▸ **Aim of the exercise**:
The answer should consist of all the records, copied exactly.

[[ Information supplied open ]]

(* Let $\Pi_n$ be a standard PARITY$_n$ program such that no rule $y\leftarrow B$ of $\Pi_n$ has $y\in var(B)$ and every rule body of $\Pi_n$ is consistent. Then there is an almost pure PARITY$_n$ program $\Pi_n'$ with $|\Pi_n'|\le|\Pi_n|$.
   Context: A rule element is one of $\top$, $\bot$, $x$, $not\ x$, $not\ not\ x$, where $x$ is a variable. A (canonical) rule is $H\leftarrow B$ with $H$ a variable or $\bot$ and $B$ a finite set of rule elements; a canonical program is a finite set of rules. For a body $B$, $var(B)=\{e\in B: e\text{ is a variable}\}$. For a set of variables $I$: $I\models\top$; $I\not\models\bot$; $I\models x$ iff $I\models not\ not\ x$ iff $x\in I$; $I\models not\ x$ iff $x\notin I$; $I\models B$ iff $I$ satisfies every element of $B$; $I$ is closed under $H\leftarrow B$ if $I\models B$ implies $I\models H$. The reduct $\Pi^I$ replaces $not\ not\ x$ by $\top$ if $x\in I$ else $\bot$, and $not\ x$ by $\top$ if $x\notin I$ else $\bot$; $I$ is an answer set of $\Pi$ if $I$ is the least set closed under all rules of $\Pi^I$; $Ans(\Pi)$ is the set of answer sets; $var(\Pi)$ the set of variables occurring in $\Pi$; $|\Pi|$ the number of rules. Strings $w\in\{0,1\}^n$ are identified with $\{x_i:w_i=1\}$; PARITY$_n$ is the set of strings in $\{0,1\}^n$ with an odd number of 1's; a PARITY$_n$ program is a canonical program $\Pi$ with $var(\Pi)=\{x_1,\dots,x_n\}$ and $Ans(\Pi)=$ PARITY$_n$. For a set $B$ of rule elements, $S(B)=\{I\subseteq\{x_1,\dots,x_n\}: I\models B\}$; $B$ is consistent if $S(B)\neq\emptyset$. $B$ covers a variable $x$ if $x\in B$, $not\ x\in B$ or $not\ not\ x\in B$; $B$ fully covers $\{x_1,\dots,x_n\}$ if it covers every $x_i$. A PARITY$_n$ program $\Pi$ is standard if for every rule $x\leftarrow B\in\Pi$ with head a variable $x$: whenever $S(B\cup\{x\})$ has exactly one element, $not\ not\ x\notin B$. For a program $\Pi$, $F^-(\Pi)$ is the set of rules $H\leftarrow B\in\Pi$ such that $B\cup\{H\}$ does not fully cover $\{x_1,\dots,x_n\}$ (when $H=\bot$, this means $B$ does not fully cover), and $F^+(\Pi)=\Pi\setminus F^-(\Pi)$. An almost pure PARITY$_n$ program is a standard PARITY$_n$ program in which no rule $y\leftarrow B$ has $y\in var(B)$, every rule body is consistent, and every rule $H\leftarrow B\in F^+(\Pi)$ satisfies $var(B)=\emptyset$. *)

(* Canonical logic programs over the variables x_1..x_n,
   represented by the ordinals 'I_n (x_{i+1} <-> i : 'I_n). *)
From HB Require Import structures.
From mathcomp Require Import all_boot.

[[ Information supplied closed ]]

▸ **Output**:
(* Let $\Pi_n$ be a standard PARITY$_n$ program such that no rule $y\leftarrow B$ of $\Pi_n$ has $y\in var(B)$ and every rule body of $\Pi_n$ is consistent. Then there is an almost pure PARITY$_n$ program $\Pi_n'$ with $|\Pi_n'|\le|\Pi_n|$.
   Context: A rule element is one of $\top$, $\bot$, $x$, $not\ x$, $not\ not\ x$, where $x$ is a variable. A (canonical) rule is $H\leftarrow B$ with $H$ a variable or $\bot$ and $B$ a finite set of rule elements; a canonical program is a finite set of rules. For a body $B$, $var(B)=\{e\in B: e\text{ is a variable}\}$. For a set of variables $I$: $I\models\top$; $I\not\models\bot$; $I\models x$ iff $I\models not\ not\ x$ iff $x\in I$; $I\models not\ x$ iff $x\notin I$; $I\models B$ iff $I$ satisfies every element of $B$; $I$ is closed under $H\leftarrow B$ if $I\models B$ implies $I\models H$. The reduct $\Pi^I$ replaces $not\ not\ x$ by $\top$ if $x\in I$ else $\bot$, and $not\ x$ by $\top$ if $x\notin I$ else $\bot$; $I$ is an answer set of $\Pi$ if $I$ is the least set closed under all rules of $\Pi^I$; $Ans(\Pi)$ is the set of answer sets; $var(\Pi)$ the set of variables occurring in $\Pi$; $|\Pi|$ the number of rules. Strings $w\in\{0,1\}^n$ are identified with $\{x_i:w_i=1\}$; PARITY$_n$ is the set of strings in $\{0,1\}^n$ with an odd number of 1's; a PARITY$_n$ program is a canonical program $\Pi$ with $var(\Pi)=\{x_1,\dots,x_n\}$ and $Ans(\Pi)=$ PARITY$_n$. For a set $B$ of rule elements, $S(B)=\{I\subseteq\{x_1,\dots,x_n\}: I\models B\}$; $B$ is consistent if $S(B)\neq\emptyset$. $B$ covers a variable $x$ if $x\in B$, $not\ x\in B$ or $not\ not\ x\in B$; $B$ fully covers $\{x_1,\dots,x_n\}$ if it covers every $x_i$. A PARITY$_n$ program $\Pi$ is standard if for every rule $x\leftarrow B\in\Pi$ with head a variable $x$: whenever $S(B\cup\{x\})$ has exactly one element, $not\ not\ x\notin B$. For a program $\Pi$, $F^-(\Pi)$ is the set of rules $H\leftarrow B\in\Pi$ such that $B\cup\{H\}$ does not fully cover $\{x_1,\dots,x_n\}$ (when $H=\bot$, this means $B$ does not fully cover), and $F^+(\Pi)=\Pi\setminus F^-(\Pi)$. An almost pure PARITY$_n$ program is a standard PARITY$_n$ program in which no rule $y\leftarrow B$ has $y\in var(B)$, every rule body is consistent, and every rule $H\leftarrow B\in F^+(\Pi)$ satisfies $var(B)=\emptyset$. *)

(* Canonical logic programs over the variables x_1..x_n,
   represented by the ordinals 'I_n (x_{i+1} <-> i : 'I_n). *)
From HB Require Import structures.
From mathcomp Require Import all_boot.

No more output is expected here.